Серафима Григорьевна долгим взглядом посмотрела на него. Он выдержал.

— Хорошо, пусть будет по-вашему, молодой человек, — согласилась она. А про себя подумала: «Нет, это еще не ОН!»

V

Утром Клюев спросил у Славки:

— Это ты... поешь?

— Разве? Рта не раскрывал! — удивился тот.

— Будто не вижу!

Клюев сделал вид, что старается в осколке зеркала рассмотреть свой костюм. Славка стоял на пороге и ждал, когда же он расстанется с зеркалом и кончит «делать вид».

Почувствовав его нетерпение, Клюев скомандовал:

— Пошли!

По пути не разговаривали. Но перед тем как расстаться, Клюев нарушил молчание:

— Крышу поставил для цирка?

— Да.

— Плотников заберу. На детсад.

— Пожалуйста.

Клюев хотел было еще что-то сказать, может быть, спросить, как же все-таки прошло вчерашнее свидание, но Славка кивнул ему на прощание и, не разбирая дороги, прямиком направился к своему участку.

Клюев усмехнулся и пошел в управление.

А в Славкиной душе действительно что-то пело. День казался прекрасным, а имя Маша редкой находкой.

Ему хотелось петь это имя, без конца повторять, но он боялся, что если скажет вслух «Маша», то может исчезнуть что-то неуловимое, прекрасное и до поры до времени тайное.

Прорабская была полна народу. И дыма.

Произошло некоторое движение: «Мастерок пришел!» Плотники с нарядами пересели ближе к столу. Бетонщики с беззаботным видом закурили по новой. Похоже на то, что бетон еще не завозили.

Славку это не смутило. Он уселся за стол, схватил телефонную трубку и принялся пробиваться на бетонный. Стоит только начать — знал он, — и все закрутится вроде бы само собой. Со стороны — по-строительному беспорядочно, суматошно, а на самом деле — иначе нельзя.

Покурив и поспорив из-за нарядов, уйдут плотники. А бетон таки привезут! Табачный дым рассеется, и до обеда прорабская опустеет. Славка тоже уйдет в котлованы, в управление... Придется советовать, показывать, материться, подражая кому-то, заправскому и энергичному.

Но на этот раз уйти из прорабской оказалось не так-то легко.

Едва закрылась дверь за последним бригадиром, появилась Зоя, заведующая лабораторией.
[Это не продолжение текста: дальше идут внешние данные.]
Lemma majorizes_strict_ascent u a :
  (forall i j : 'I_n, j = i.+1 :> nat -> a ord0 (pi j) < a ord0 (pi i)) ->
  majorizes u x -> sortdesc u <> sortdesc x ->
  exists s : 'S_n, 0 < dot a (col_perm s u - x).
Proof.
move=> a_decr [maj_prefix maj_total] neq_sort.
have [p sort_u] := sortdesc_entries u.
exists (pi^-1 * p)%g; rewrite ltNge; apply/negP => dot_le0; apply: neq_sort.
pose c k := (entries_along pi a)`_k.
pose d k := (sortdesc u)`_k - (sortdesc x)`_k.
have dot_cd : dot a (col_perm (pi^-1 * p) u - x) = \sum_(k < n) c k * d k.
  rewrite /dot (reindex_inj (@perm_inj _ pi)); apply: eq_bigr => k _.
  by rewrite /c /d sort_u (sortdesc_along x_decr) !nth_entries_along !mxE permM permK.
have c_decr k : (k.+1 < n)%N -> c k.+1 < c k.
  move=> lt_k1n; rewrite /c; have /= -> := nth_entries_along pi a (Ordinal lt_k1n).
  by have /= -> := nth_entries_along pi a (Ordinal (ltnW lt_k1n)); apply: a_decr.
have d_prefix j : (j < n)%N -> 0 <= \sum_(k < j) d k.
  by move=> lt_jn; rewrite sumrB subr_ge0 maj_prefix.
have d_total : \sum_(k < n) d k = 0 by rewrite sumrB maj_total subrr.
have d_eq0 := sum_decreasing_mul_le0 c_decr d_prefix d_total.
apply: (@eq_from_nth _ 0); rewrite ?size_sortdesc // => k lt_kn.
by apply/eqP; rewrite -subr_eq0 -/(d k) d_eq0 // -dot_cd.
Qed.

Lemma improving_direction_of_dual y :
  (forall a t, (forall i j : 'I_n, j = i.+1 :> nat -> t <= a ord0 (pi i) - a ord0 (pi j)) ->
     t <= dot a y) ->
  [/\ forall j, (j <= n)%N -> 0 <= prefix_sum pi j y, prefix_sum pi n y = 0 & y != 0].
Proof.
move=> dual_y.
have prefix_ge0 j : (j <= n)%N -> 0 <= prefix_sum pi j y.
  move=> le_jn; rewrite -dot_prefix_indicator //; apply: dual_y => i k k_eq.
  rewrite !mxE !permK k_eq.
  case: (ltnP i.+1 j) => [lt_i1j|_]; first by rewrite (ltnW lt_i1j) subrr.
  by rewrite subr0; case: ifP => _; rewrite ?ler01.
split=> //.
  apply/le_anti; rewrite prefix_ge0 // andbT -oppr_ge0 -dot_prefix_indicator // -dotNl.
  by apply: dual_y => i k _; rewrite !mxE !permK !ltn_ord subrr.
apply/eqP => y_eq0; suff : 1 <= dot (\row_i - ((pi^-1)%g i)%:R) y by rewrite y_eq0 linear0 ler10.
by apply: dual_y => i j j_eq; rewrite !mxE !permK j_eq -natr1; lra.
Qed.

Lemma majorizing_of_dual (Vs : seq 'rV[R]_n) (mu : 'I_(size Vs) -> R) :
  (forall k, 0 <= mu k) ->
  (forall a t, (forall i j : 'I_n, j = i.+1 :> nat -> t <= a ord0 (pi i) - a ord0 (pi j)) ->
     t <= \sum_k mu k * dot a (Vs`_k - x)) ->
  exists2 u, in_conv Vs u & majorizes u x /\ sortdesc u <> sortdesc x.
Proof.
move=> mu_ge0 dual.
pose y := \sum_k mu k *: (Vs`_k - x).
have [a t /dual|prefix_y_ge0 prefix_y_n y_neq0] := @improving_direction_of_dual y.
  by rewrite /y linear_sum; under [X in _ -> _ <= X]eq_bigr do rewrite linearZ.
pose M := \sum_k mu k.
have M_gt0 : 0 < M.
  rewrite lt_def sumr_ge0 // andbT; apply: contra_neq y_neq0 => M_eq0.
  by rewrite /y big1 // => k _; rewrite (psumr_eq0P (fun k _ => mu_ge0 k) M_eq0) ?scale0r.
pose u := \sum_k (mu k / M) *: Vs`_k.
have weights_sum1 : \sum_k mu k / M = 1 by rewrite -mulr_suml divff ?gt_eqF.
have u_conv : in_conv Vs u.
  exists (fun k => mu k / M); split=> [k|]; last by split.
  exact: divr_ge0 (mu_ge0 k) (ltW M_gt0).
have u_sub_x : u - x = M^-1 *: y.
  rewrite affine_combB // /y scaler_sumr; apply: eq_bigr => k _.
  by rewrite scalerA mulrC.
have prefix_ux j : prefix_sum pi j u - prefix_sum pi j x = M^-1 * prefix_sum pi j y.
  by rewrite -linearB /= u_sub_x linearZ.
exists u => //; apply: majorizes_of_prefix_sums.
- move=> j le_jn; rewrite -subr_ge0 prefix_ux.
  by apply: mulr_ge0; [rewrite invr_ge0 ltW | exact: prefix_y_ge0].
- by apply/eqP; rewrite -subr_eq0 prefix_ux prefix_y_n mulr0.
apply: contra_neq y_neq0 => u_eq_x; move: u_sub_x; rewrite u_eq_x subrr => /esym/eqP.
by rewrite scaler_eq0 invr_eq0 gt_eqF //= => /eqP.
Qed.

Lemma exists_decreasing_support (Vs : seq 'rV[R]_n) :
  ~ (exists2 u, in_conv Vs u & majorizes u x /\ sortdesc u <> sortdesc x) ->
  exists a, (forall i j : 'I_n, j = i.+1 :> nat -> a ord0 (pi j) < a ord0 (pi i)) /\
            (forall k : 'I_(size Vs), dot a (Vs`_k - x) <= 0).
Proof.
move=> no_majorizing.
pose g (c : 'I_(size Vs) + {ij : 'I_n * 'I_n | val ij.2 == (val ij.1).+1})
       (z : 'rV[R]_n * R^o) : R :=
  match c with
  | inl k => - dot z.1 (Vs`_k - x)
  | inr ij => z.1 ord0 (pi (val ij).1) - z.1 ord0 (pi (val ij).2) - z.2
  end.
pose f (z : 'rV[R]_n * R^o) : R := - z.2.
have g_scalar c : scalar (g c).
  case: c => [k|ij] b z w /=; first by rewrite dotDl; ring.
  by rewrite !mxE -[b *: z.2]/(b * z.2); ring.
have f_scalar : scalar f by move=> b z w; rewrite /f /= -[b *: z.2]/(b * z.2); ring.
have [cone|] := classic (forall z, (forall c, 0 <= g c z) -> 0 <= f z).
  have [mu mu_ge0 f_eq] := farkas g_scalar f_scalar cone.
  case: no_majorizing; apply: (@majorizing_of_dual Vs (fun k => mu (inl k))) => // a t t_le.
  have := f_eq (a, t); rewrite big_sumType /= /f.
  have -> : \sum_k mu (inl k) * - dot a (Vs`_k - x) = - \sum_k mu (inl k) * dot a (Vs`_k - x).
    by rewrite -sumrN; apply: eq_bigr => k _; rewrite mulrN.
  set S := (X in _ = _ + X).
  have : 0 <= S.
    apply: sumr_ge0 => -[[i j] /= adj_ij] _.
    by rewrite mulr_ge0 // subr_ge0 t_le //; apply/eqP.
  by move=> S_ge0 /=; lra.
case/not_all_ex_not => -[a t] not_imp.
have [g_ge0 /negP] := imply_to_and _ _ not_imp; rewrite -ltNge /f /= oppr_lt0 => t_gt0.
exists a; split=> [i j adj_ij|k].
  have adj : val j == (val i).+1 by apply/eqP.
  by have := g_ge0 (inr (exist _ (i, j) adj)); rewrite /g /=; lra.
by have := g_ge0 (inl k); rewrite /g /=; lra.
Qed.

End Majorization.

Theorem mainTheorem13 (R : realFieldType) (n : nat) (P : 'rV[R]_n -> Prop)
    (x' : 'rV[R]_n) (pi : 'S_n) :
  is_polytope P -> perm_invariant P -> P x' ->
  (forall i j : 'I_n, nat_of_ord j = (nat_of_ord i).+1 ->
     x' ord0 (pi j) <= x' ord0 (pi i)) ->
  ((exists u' : 'rV[R]_n, P u' /\ majorizes u' x' /\ sortdesc u' <> sortdesc x')
   <->
   ~ (exists a : 'rV[R]_n,
        (forall i j : 'I_n, nat_of_ord j = (nat_of_ord i).+1 ->
           a ord0 (pi j) < a ord0 (pi i)) /\
        (forall x : 'rV[R]_n, P x ->
           \sum_(i < n) a ord0 i * (x ord0 i - x' ord0 i) <= 0))).
Proof.
move=> [Vs P_conv] P_inv P_x' x'_decr; split.
  case=> u' [P_u' [maj_u' neq_sort]] [a [a_decr a_supp]].
  have [s dot_gt0] := majorizes_strict_ascent x'_decr a_decr maj_u' neq_sort.
  by move: (a_supp _ (P_inv u' s P_u')); rewrite -dotBE leNgt dot_gt0.
move=> no_support; apply: NNPP => no_majorizing; apply: no_support.
have [|a [a_decr a_supp]] := exists_decreasing_support x'_decr (Vs := Vs).
  by case=> u /P_conv P_u maj; apply: no_majorizing; exists u.
exists a; split=> // z /P_conv [w [w_ge0 [w_sum1 ->]]].
rewrite -dotBE affine_combB // linear_sum; apply: sumr_le0 => k _.
by rewrite linearZ /=; apply: mulr_ge0_le0.
Qed.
Ей было лет двадцать или чуть больше, у нее красивые глаза на худом лице, она всегда серьезна и деловита.

Зоя протянула аккуратно исписанные бланки.

— Не тянет, — скупо сказала она.

Славик вчитался. Точно, бетон хрупок — это тот самый, который не понравился Клюеву.
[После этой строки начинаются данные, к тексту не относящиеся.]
(* Let $M=(E,\mathcal{I})$ be a matroid, $m,\Delta$ positive integers, $W:E\to\{-\Delta,\dots,\Delta\}^m$ weight vectors and $\mu\ge0$. Let $A,B\in\mathcal{I}$ be disjoint with $|A|=|B|=k$ and $\|W(A)-W(B)\|_1\le\mu$, and let $d\in\mathbb{Z}^m$. Then there exist unicolor sets $A'\subseteq A$, $B'\subseteq B$ of equal cardinality such that (i) $(A\setminus A')\cup B'\in\mathcal{I}$, (ii) $|A'|=|B'|\ge\dfrac{k-\|d\|_1\mu}{(2\|d\|_1\Delta+1)^2(2\Delta+1)^{2m}}$, and (iii) $d^{\mathsf T}W(a)\ge d^{\mathsf T}W(b)$ for each $a\in A'$ and $b\in B'$.
   Context: $W(S)=\sum_{e\in S}W(e)$. A set $S\subseteq E$ is unicolor if $W(a)=W(b)$ for all $a,b\in S$. *)

From HB Require Import structures.
From mathcomp Require Import all_boot all_order all_algebra.
Set Implicit Arguments. Unset Strict Implicit. Unset Printing Implicit Defensive.
Import Order.TTheory GRing.Theory Num.Theory.
Local Open Scope ring_scope.

Definition is_matroid (E : finType) (indep : pred {set E}) : Prop :=
  [/\ indep set0,
      (forall A B : {set E}, indep B -> A \subset B -> indep A) &
      (forall A B : {set E}, indep A -> indep B -> (#|A| < #|B|)%N ->
          exists2 x, x \in B :\: A & indep (x |: A))].

Definition wsum (E : finType) (m : nat) (W : E -> 'rV[int]_m) (S : {set E})
  : 'rV[int]_m := \sum_(e in S) W e.

Definition norm1 (m : nat) (v : 'rV[int]_m) : int := \sum_(i < m) `|v 0 i|.

Definition dotv (m : nat) (d x : 'rV[int]_m) : int := \sum_(i < m) d 0 i * x 0 i.

Definition unicolor (E : finType) (m : nat) (W : E -> 'rV[int]_m) (S : {set E})
  : Prop := forall a b, a \in S -> b \in S -> W a = W b.

From HB Require Import structures.
From mathcomp Require Import all_boot all_order all_algebra.
From mathcomp Require Import zify ring.
Import Order.TTheory GRing.Theory Num.Theory.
— Что же делать? — в раздумье спросил он. Зоя пожала плечами, склонилась над чертежом.

— Где? — спросила она. Славка разгладил чертеж.

— Угловая секция. Опасно.

— Доармировать? На колонне — опояску? — полувопросительно предложила Зоя.

Славка с заметным облегчением отодвинул чертеж и, не удержавшись, важно сказал:

— Я сам решу!

Зоя выпрямилась. Он заметил на ее губах быстро скользнувшую улыбку и приготовился услышать колкость, но она ничего не сказала.

Славка стал ждать, когда же она уйдет. Но Зоя перебирала наряды, заявки, графики. И не уходила.